Yosi Shnaider has wrestled with worry since his family members were kidnapped from Nir Oz. He saw a video of his cousin and her two young boys held captive.
“It’s like an unbelievable bad movie, like a nightmare,” Shnaider said on Monday. “I just need information on if they are alive,” he added.
Also missing is his aunt who requires medicine to treat her diabetes and Parkinson’s disease. Since the family found out they were taken captive, the woman’s sister has been so mortified that she is “like a zombie, alive and dead at the same time”, said Shnaider, a real estate agent in the Israeli city of Holon.
Warning to Hamas
Israel’s Foreign Minister Eli Cohen said the country is committed to bringing the captives home and issued a warning to Hamas.
“We demand Hamas not to harm any of the captives,” he said. “This war crime will not be forgiven.”
Uncertainty also weighs heavily on families who still do not know whether their relatives have been killed, taken into Hamas captivity, or have escaped and are on the run.
Tomer Neumann, whose cousin was attending a music festival near the Gaza border and has since vanished, hopes it is the last of the three options.
The cousin, Rotem Neumann, who is 25 and a Portuguese citizen, called her parents from the festival when she heard rocket fire, he said.
She piled into a car with friends, witnesses said, but fled when they encountered trucks filled with fighters.
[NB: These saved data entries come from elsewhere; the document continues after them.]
Lemma regular_subX2_of_regular_sub_cube a : regular (a - a ^+ 3) -> regular (1 - a ^+ 2).
Proof.
set d := a - a ^+ 3 => -[z dzd].
have ay : a * (1 - a ^+ 2) = d by rewrite mulrBr mulr1 -exprS.
have ya : (1 - a ^+ 2) * a = d by rewrite mulrBl mul1r -exprSr.
have ad : a * d = d * a by rewrite -{1}ya mulrA ay.
have a2y : a ^+ 2 * (1 - a ^+ 2) = d * a by rewrite expr2 -mulrA ay ad.
move: ay ya a2y; move Ey: (1 - a ^+ 2) => y ay ya a2y.
exists (1 + a * z * a ^+ 2).
rewrite mulrDr mulr1 mulrDl !mulrA ya -(mulrA (d * z * a)) ay -(mulrA (d * z)) ad mulrA.
rewrite -dzd -a2y.
by rewrite -mulrDl -Ey subrK mul1r.
Qed.

(* The exchange idempotent [e] of [x = (1 + a)/2] satisfies [e - x \in (1 - a^2)R], because
   [x (1 - x) = (1 - x) x = (1 - a^2)/4]. *)
Lemma exchange_involution a : exchange_ring R -> is_unit (2%:R : R) ->
  exists u r, u * u = 1 /\ u - a = (1 - a ^+ 2) * r.
Proof.
move=> exR [w [two_w w_two]].
have wC r : w * r = r * w.
  have twoC : 2%:R * r = r * 2%:R by rewrite mulr_natl mulr_natr.
  by rewrite -[LHS]mulr1 -two_w mulrA -(mulrA w r) -twoC mulrA w_two mul1r.
have wwC p q : (w * p) * (w * q) = w * w * (p * q).
  by rewrite -mulrA (mulrA p) -(wC p) -(mulrA w p) mulrA.
have wwC' q : w * w * q = q * (w * w) by rewrite -mulrA wC wC -mulrA.
set x := w * (1 + a).
have xx : x *+ 2 = 1 + a by rewrite /x -mulrnAl -mulr_natr w_two mul1r.
have x_compl : 1 - x = w * (1 - a).
  by rewrite -{1}w_two /x -mulrBr [2%:R]mulr2n opprD addrA addrK.
have x_mul_compl : x * (1 - x) = w * w * (1 - a ^+ 2).
  by rewrite x_compl wwC mulrDl mul1r (mulrBr a) mulr1 -expr2 addrA subrK.
have compl_mul_x : (1 - x) * x = w * w * (1 - a ^+ 2).
  by rewrite x_compl wwC mulrBl mul1r (mulrDr a) mulr1 -expr2 opprD addrA addrK.
have [e [ee [[r er] [s es]]]] := exR x.
have ex : e - x = (1 - a ^+ 2) * (w * w * (r - s)).
  have -> : e - x = (1 - x) * e - x * (1 - e).
    by rewrite mulrBl mul1r mulrBr mulr1 opprB addrA subrK.
  rewrite {1}er es (mulrA (1 - x)) compl_mul_x (mulrA x) x_mul_compl -mulrBr.
  by rewrite wwC' -mulrA.
exists (e *+ 2 - 1), ((w * w * (r - s)) *+ 2); split.
  rewrite mulrBl mulrBr mulr1 mul1r mulrnAl mulrnAr ee [e *+ 2 *+ 2]mulr2n addrK.
  by rewrite opprB addrC subrK.
by rewrite -addrA -opprD -xx -mulrnBl ex mulrnAr.
Qed.

Lemma triangular_unit f k : f * f = f -> f * k = k ->
  is_unit (1 - f * k * (1 - f)) /\ (1 - f * k * (1 - f)) * (1 + k) = 1 + f * k * f.
Proof.
move=> ff fk; set n := f * k * (1 - f).
have compl_f : (1 - f) * f = 0 by rewrite mulrBl mul1r ff subrr.
have nn : n * n = 0 by rewrite /n -!mulrA (mulrA (1 - f) f) compl_f mul0r !mulr0.
have nk : n * k = 0 by rewrite /n -mulrA mulrBl mul1r fk subrr mulr0.
split.
  exists (1 + n); split.
  - by rewrite mulrBl mul1r mulrDr mulr1 nn addr0 addrK.
  - by rewrite mulrDl mul1r mulrBr mulr1 nn subr0 subrK.
rewrite mulrBl mul1r mulrDr mulr1 nk addr0 /n mulrBr mulr1 fk opprB.
by rewrite addrCA addrK addrC.
Qed.

(* [f = u p u] with [u] the involution of [exchange_involution] and [pR = (1 - a^2)R]; then
   [u a = 1 + k] with [k \in fR], and [T] is the triangular unit times [u]. *)
Lemma unit_multiple_corner_form a : exchange_ring R -> is_unit (2%:R : R) ->
  regular (1 - a ^+ 2) ->
  exists f T b, [/\ f * f = f, f * b = b, b * f = b, is_unit T & T * a = b + (1 - f)]
                /\ ideal_gen (eq^~ (1 - a ^+ 2)) f.
Proof.
move=> exR unit2 [z yzy].
have [u [r [uu ua]]] := exchange_involution a exR unit2.
set y := 1 - a ^+ 2 in yzy ua *.
have [p [pp py pdef]] : exists p, [/\ p * p = p, p * y = y & p = y * z].
  by exists (y * z); split; rewrite // ?mulrA -yzy.
have [f [ff fdef]] : exists f, f * f = f /\ f = u * p * u.
  exists (u * p * u); split => //.
  by rewrite !mulrA -(mulrA _ u u) uu mulr1 -(mulrA _ p p) pp.
have [k [uak fk]] : exists k, u * a = 1 + k /\ f * k = k.
  exists (u * a - 1); split; first by rewrite addrC subrK.
  have -> : u * a - 1 = - (u * (y * r)) by rewrite -ua mulrBr uu opprB.
  by rewrite mulrN fdef -!mulrA (mulrA u u) uu mul1r (mulrA p y) py.
have [unit_T0 T0a] := triangular_unit ff fk.
exists f, ((1 - f * k * (1 - f)) * u), (f + f * k * f); split; last first.
  have -> : f = u * y * (z * u) by rewrite fdef pdef !mulrA.
  exact: ideal_gen_mul.
split => //.
- by rewrite mulrDr ff !mulrA ff.
- by rewrite mulrDl ff -!mulrA ff.
- by apply: is_unit_mul unit_T0 _; exists u.
- by rewrite -(mulrA _ u a) uak T0a addrAC subrKC.
Qed.

End Reduction.

Unset Implicit Arguments.

Theorem corollary2p6 (R : pzRingType) (a : R) :
  separative R -> exchange_ring R -> is_unit (2%:R : R) ->
  regular (a - a ^+ 3) ->
  (forall z : R, ideal_gen (fun w : R => w = 1 - a ^+ 2) z <->
     (ideal_gen (rann a) z /\ ideal_gen (lann a) z)) ->
  unit_regular a.
Proof.
move=> sepR exR unit2 reg_d ideal_eq.
have [f [T [b [[ff fb bf unit_T Ta] fI]]]] :=
  unit_multiple_corner_form exR unit2 (regular_subX2_of_regular_sub_cube reg_d).
have [fIr fIl] := (ideal_eq f).1 fI.
apply: (unit_regular_mull unit_T); rewrite Ta.
apply: separative_unit_regular_corner => //; rewrite -Ta.
- exact: regular_mull unit_T (regular_of_regular_sub_cube reg_d).
- exact: ideal_gen_rann_mull.
- exact: ideal_gen_lann_mull.
Qed.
Later, her phone was found near a concrete shelter.
“All we have is bits and pieces of information,” said Neumann, who lives in Bat Yam, a city just south of Tel Aviv.
“What now is on my mind is not war and is not bombing,” he said. “All we want is to know where Rotem is and to know what happened to her and we want peace.”
Thai captives
The families of Thai labourers who are among the captives spoke to the AFP news agency on Tuesday of their fears for their safety.
Kanyarat Suriyasri, whose husband Owat Suriyasri is among those taken, recounted her horror at learning the news.
“When I heard that he was among the 11 captives taken by Hamas my heart dropped,” she said. “I am waiting to hear some good news.”
Owat, 40, from Sisaket province in eastern Thailand, is a “very friendly, caring and happy man”, she said.